@here How do you handle post-load deduplication in...
# troubleshooting
r
@here How do you handle post-load deduplication in target BigQuery using DBT?
d
@taylor I think you have some experience with this!
t
@raghav_nayak I’d recommend setting up a view model w/in dbt that dedupes based on either the primary key or some uploaded at field. We do this a bunch at GitLab. https://gitlab.com/gitlab-data/analytics/-/blob/master/transform/snowflake-dbt/mod[…]ab_dotcom_approval_merge_request_rule_sources_dedupe_source.sql this is for Snowflake but the same pattern would hold.
r
@taylor thank you for your quick response.

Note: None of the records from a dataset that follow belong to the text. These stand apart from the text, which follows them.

Lemma embed_rotate_iff u u' :
  E u' = orth_act Rphi (E u) <-> cw1 u = 0 /\ cw4 u = 0 /\ u' = rotate_coords u.
Proof.
  assert (Hx : rot_x <> 0) by (unfold rot_x; apply Rgt_not_eq, Rdiv_lt_0_compat; nra).
  assert (Hy : rot_y <> 0) by (unfold rot_y; apply Rgt_not_eq, Rdiv_lt_0_compat; nra).
  assert (Hneg : forall r, r <> 0 -> - r <> 0) by (intros r Hr; lra).
  assert (Habs_y : Rabs rot_y = rot_y)
    by (apply Rabs_pos_eq; unfold rot_y; apply Rlt_le, Rdiv_lt_0_compat; nra).
  assert (Habs_ny : Rabs (- rot_y) = rot_y) by now rewrite Rabs_Ropp.
  rewrite (embed_orth_act_iff _ _ _ (rotm_orthogonal _)). split.
  - intros [Hwave Hout].
    pose proof (Hwave (q1 l1) ltac:(cbn; tauto)) as Ez1.
    pose proof (Hwave (q2 l1) ltac:(cbn; tauto)) as Ez2.
    pose proof (Hwave (p1 l2 n2) ltac:(cbn; tauto)) as Ew1.
    pose proof (Hwave (p2 l2 n2) ltac:(cbn; tauto)) as Ew2.
    pose proof (Hwave (p3 l2 n2) ltac:(cbn; tauto)) as Ew3.
    pose proof (Hwave (p4 l2 n2) ltac:(cbn; tauto)) as Ew4.
    pose proof (Hout (p1 l2 n2) ltac:(cbn; tauto)) as H1.
    pose proof (Hout (p4 l2 n2) ltac:(cbn; tauto)) as H4.
    rewrite rotT_q1, embed_q1, embed_p2 in Ez1. rewrite rotT_q2, embed_q2, embed_p3 in Ez2.
    rewrite rotT_p1, embed_p1, embed_q1 in Ew1. rewrite rotT_p4, embed_p4, embed_nq2 in Ew4.
    rewrite rotT_p2, embed_p2, embed_outside in Ew2 by (apply not_in_support_rot; auto).
    rewrite rotT_p3, embed_p3, embed_outside in Ew3 by (apply not_in_support_rot; auto).
    rewrite rot_p1, embed_p1 in H1. rewrite rot_p4, embed_p4 in H4.
    split; [apply H1 | split; [apply H4 |]]; [apply not_in_support_rot; auto .. |].
    destruct u'; cbn in *; subst; reflexivity.
  - intros (H1 & H4 & ->). split.
    + apply in_waves_cases;
        rewrite ?rotT_q1, ?rotT_q2, ?rotT_p1, ?rotT_p2, ?rotT_p3, ?rotT_p4,
          ?embed_q1, ?embed_q2, ?embed_p1, ?embed_p2, ?embed_p3, ?embed_p4, ?embed_nq2;
        cbn; rewrite ?Cconj_conj, ?embed_outside; auto; apply not_in_support_rot; auto.
    + intros p Hp; pattern p; revert p Hp.
      apply in_waves_cases; intro Hout;
        rewrite ?rot_q1, ?rot_q2, ?rot_p1, ?rot_p2, ?rot_p3, ?rot_p4 in Hout;
        rewrite ?embed_p1, ?embed_p4; auto;
        contradiction Hout; in_support_wave.
Qed.

Ltac eval_D4_wave := unfold flip_y, swap_xy, quarter_turn, conj_coords, mapply, mtrans; eval_embed.

Lemma embed_flip_y u : E (flip_y u) = orth_act (1, 0, 0, -1) (E u).
Proof. apply embed_D4_act; [cbn; tauto |]. apply in_waves_cases; eval_D4_wave. Qed.
Lemma embed_swap_xy u : E (swap_xy u) = orth_act (0, 1, 1, 0) (E u).
Proof. apply embed_D4_act; [cbn; tauto |]. apply in_waves_cases; eval_D4_wave. Qed.
Lemma embed_quarter_turn u : E (quarter_turn u) = orth_act (0, -1, 1, 0) (E u).
Proof. apply embed_D4_act; [cbn; tauto |]. apply in_waves_cases; eval_D4_wave. Qed.
Lemma embed_conj_coords u : E (conj_coords u) = orth_act (-1, 0, 0, -1) (E u).
Proof. apply embed_D4_act; [cbn; tauto |]. apply in_waves_cases; eval_D4_wave. Qed.

Section Equivariance.
Variable F : coord6 -> coord6.
Hypothesis HF : Gamma_equivariant l1 l2 n2 F.

Lemma F_D4_commute m act :
  (forall u, E (act u) = orth_act m (E u)) -> In m D4 -> forall u, F (act u) = act (F u).
Proof.
  intros Hact Hm u. apply embed_inj. rewrite Hact.
  exact (proj1 HF m Hm u (act u) (Hact u)).
Qed.

Lemma F_cz1_flip_y u : cz1 (F u) = cz1 (F (flip_y u)).
Proof. now rewrite (F_D4_commute _ _ embed_flip_y ltac:(cbn; tauto)). Qed.
Lemma F_cw2 u : cw2 (F u) = cw1 (F (flip_y u)).
Proof. now rewrite (F_D4_commute _ _ embed_flip_y ltac:(cbn; tauto)). Qed.
Lemma F_cz2 u : cz2 (F u) = cz1 (F (swap_xy u)).
Proof. now rewrite (F_D4_commute _ _ embed_swap_xy ltac:(cbn; tauto)). Qed.
Lemma F_cw3 u : cw3 (F u) = cw1 (F (swap_xy u)).
Proof. now rewrite (F_D4_commute _ _ embed_swap_xy ltac:(cbn; tauto)). Qed.
Lemma F_cw4 u : cw4 (F u) = cw1 (F (quarter_turn u)).
Proof. now rewrite (F_D4_commute _ _ embed_quarter_turn ltac:(cbn; tauto)). Qed.
Lemma F_Cconj_cz1 u : Cconj (cz1 (F u)) = cz1 (F (conj_coords u)).
Proof. now rewrite (F_D4_commute _ _ embed_conj_coords ltac:(cbn; tauto)). Qed.

Variables a b c : Z.
Hypothesis Hab : IZR a * INR l2 = IZR b * INR n2.
Hypothesis Hc : IZR a * INR n2 + IZR b * INR l2 = IZR c * INR l1.
Hypothesis Hsep : forall z : Z, IZR a * INR l2 + IZR b * INR n2 <> IZR z * INR l1.

Let s := 2 * PI * IZR a / INR l1.
Let t := 2 * PI * IZR b / INR l1.

Lemma separating_translation_fixes u :
  cw1 u = 0 -> cw4 u = 0 -> trans_act s t (E u) = E u.
Proof.
  intros H1 H4. apply trans_act_embed_fixed.
  apply in_waves_cases; unfold s, t.
  - left. exists a. unfold q1; cbn. field. lra.
  - left. exists b. unfold q2; cbn. field. lra.
  - right. now rewrite embed_p1.
  - left. exists 0%Z. unfold p2; cbn.
    transitivity (2 * PI / INR l1 * (IZR a * INR l2 - IZR b * INR n2)); [field; lra |].
    rewrite Hab. ring.
  - left. exists c. unfold p3; cbn.
    transitivity (2 * PI / INR l1 * (IZR a * INR n2 + IZR b * INR l2)); [field; lra |].
    rewrite Hc. field. lra.
  - right. now rewrite embed_p4.
Qed.

Lemma separating_translation_moves_p1 :
  Cexpi (- (s * fst (p1 l2 n2) + t * snd (p1 l2 n2))) <> 1%C.
Proof.
  intro H. apply Cexpi_eq_1 in H as [z Hz]. apply (Hsep (- z)).
  unfold s, t, p1 in Hz; cbn in Hz. rewrite opp_IZR.
  pose proof PI_RGT_0.
  apply (Rmult_eq_reg_l (2 * PI / INR l1)); [| apply Rgt_not_eq, Rdiv_lt_0_compat; lra].
  transitivity (- (2 * PI * IZR z)); [rewrite <- Hz; field; lra | field; lra].
Qed.

Lemma F_cw1_zero u : cw1 u = 0 -> cw4 u = 0 -> cw1 (F u) = 0.
Proof.
  intros H1 H4.
  pose proof (proj2 HF s t u u (eq_sym (separating_translation_fixes u H1 H4))) as H.
  apply (f_equal (fun a => a (p1 l2 n2))) in H. unfold trans_act in H.
  rewrite !embed_p1 in H.
  exact (Cmult_fixed_point _ _ (eq_sym H) separating_translation_moves_p1).
Qed.

Ltac simpl_coords :=
  unfold rotate_coords, flip_y, swap_xy, quarter_turn, conj_coords;
  cbn [cz1 cz2 cw1 cw2 cw3 cw4];
  rewrite ?Cconj_0, ?Cconj_conj.

Lemma F_rotate_coords
  (Hhf : forall z1 z2 w1 w4 : C,
     cw1 (F (mk6 z1 z2 w1 0 0 w4)) = cz1 (F (mk6 w1 (Cconj w4) 0 z1 z2 0)))
  v : cw1 v = 0 -> cw4 v = 0 -> F (rotate_coords v) = rotate_coords (F v).
Proof.
  destruct v as [z1 z2 w1 w2 w3 w4]; cbn; intros -> ->.
  apply coord6_eq; simpl_coords.
  - rewrite F_cz1_flip_y, F_cw2. simpl_coords. now rewrite Hhf.
  - rewrite F_cz2, F_cw3. simpl_coords. now rewrite Hhf, Cconj_conj.
  - now rewrite Hhf, Cconj_conj.
  - rewrite F_cw2. apply F_cw1_zero; reflexivity.
  - rewrite F_cw3. apply F_cw1_zero; simpl_coords; reflexivity.
  - rewrite F_cw4, F_cz2, F_Cconj_cz1, F_cz1_flip_y. simpl_coords.
    now rewrite Hhf, Cconj_conj.
Qed.

Lemma F_rotation_equivariant_iff :
  (forall v v', E v' = orth_act Rphi (E v) -> orth_act Rphi (E (F v)) = E (F v')) <->
  (forall z1 z2 w2 w3 : C,
     cz1 (F (mk6 z1 z2 0 w2 w3 0)) = cw1 (F (mk6 w2 w3 z1 0 0 (Cconj z2)))).
Proof.
  split.
  - intros Hcomm z1 z2 w2 w3.
    set (v := mk6 z1 z2 0 w2 w3 0).
    assert (Hv : E (rotate_coords v) = orth_act Rphi (E v)) by (apply embed_rotate_iff; auto).
    pose proof (Hcomm _ _ Hv) as Hcv.
    apply eq_sym, embed_rotate_iff in Hcv as (_ & _ & Hrot).
    change (mk6 w2 w3 z1 0 0 (Cconj z2)) with (rotate_coords v).
    now rewrite Hrot.
  - intros Hsym v v' Hvv'.
    apply embed_rotate_iff in Hvv' as (H1 & H4 & ->).
    symmetry. apply embed_rotate_iff. split; [| split].
    + now apply F_cw1_zero.
    + rewrite F_cw4. apply F_cw1_zero; cbn; rewrite ?H1, ?H4, ?Cconj_0; reflexivity.
    + apply F_rotate_coords; [apply f_h_symmetry_iff, Hsym | exact H1 | exact H4].
Qed.

End Equivariance.
End Modes.

Theorem mainTheorem8 (l1 l2 n2 : nat)
  (Hl12 : (l2 < l1)%nat) (Hl2n2 : (n2 < l2)%nat) (Hn2 : (0 < n2)%nat)
  (Hpyth : (l1 * l1 = l2 * l2 + n2 * n2)%nat)
  (F : coord6 -> coord6) (HF : Gamma_equivariant l1 l2 n2 F) :
  let f := fun v => cz1 (F v) in
  let h := fun v => cw1 (F v) in
  let E := embed l1 l2 n2 in
  let Rphi := orth_act (rotm (phi_angle l2 n2)) in
  ((forall v v' : coord6, E v' = Rphi (E v) -> Rphi (E (F v)) = E (F v')) <->
   (forall z1 z2 w2 w3 : C,
      f (mk6 z1 z2 0 w2 w3 0) = h (mk6 w2 w3 z1 0 0 (Cconj z2)))) /\
  ((forall z1 z2 w2 w3 : C,
      f (mk6 z1 z2 0 w2 w3 0) = h (mk6 w2 w3 z1 0 0 (Cconj z2))) <->
   (forall z1 z2 w1 w4 : C,
      h (mk6 z1 z2 w1 0 0 w4) = f (mk6 w1 (Cconj w4) 0 z1 z2 0))).
Proof.
  intros f h E Rphi.
  assert (Hl2 : (0 < l2)%nat) by lia.
  destruct (pythagorean_separating_vector_R l1 l2 n2 Hl2 Hn2 Hpyth)
    as (a & b & c & Hab & Hc & Hsep).
  split; [| exact (f_h_symmetry_iff F)].
  apply (F_rotation_equivariant_iff l1 l2 n2) with (a := a) (b := b) (c := c); try assumption.
  - now apply lt_0_INR.
  - now apply lt_INR.
  - now apply lt_INR.
  - rewrite <- !mult_INR, <- plus_INR. now rewrite Hpyth.
  - now apply pythagorean_hyp_neq_twice_leg_R with (l2 := l2).
Qed.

Let me go through this.
@taylor I went your file. you have mentioned the below-given lines in the file.
Copy code
SELECT *
FROM {{ source('gitlab_dotcom', 'approval_merge_request_rule_sources') }}
Can you please tell me whether _gitlab_dotcom and approval_merge_request_rule_sources_ are referring to source database(in my case, Postgres) or destination(BigQuery)? when I run ‘meltano select tap-postgres --list --all’, I get public-<tablename>.XYZ. If the above code is referring to Postgres, then I believe my source would look like
Copy code
SELECT *
FROM {{ source('public', 'tablename') }}
In ELT, I believe the transformation happens on the target(BigQuery). Then I have to change the above source to
Copy code
SELECT *
FROM {{ source('bigquery_dataset_name', 'table_name') }}
Let me know whether my understanding is correct.
with BigQuery select statements, I am getting the below-given error while running the meltano elt with debug options
Copy code
dbt                   | Database Error in model nh (models/sources/nh.sql)
dbt                   |   SELECT without FROM clause cannot use aggregation at [8:27]
dbt                   |   compiled SQL at ../.meltano/transformers/dbt/target/run/my_meltano_project/sources/nh.sql
dbt                   |
dbt                   | Done. PASS=0 WARN=0 ERROR=1 SKIP=0 TOTAL=1
meltano               | ERROR Transformation failed (1): Done. PASS=0 WARN=0 ERROR=1 SKIP=0 TOTAL=1
meltano               | DEBUG ELT could not be completed: `dbt run` failed
Traceback (most recent call last):
  File "/root/.venv/meltano/lib/python3.8/site-packages/meltano/cli/elt.py", line 242, in _run_elt
    await _run_transform(elt_context, output_logger)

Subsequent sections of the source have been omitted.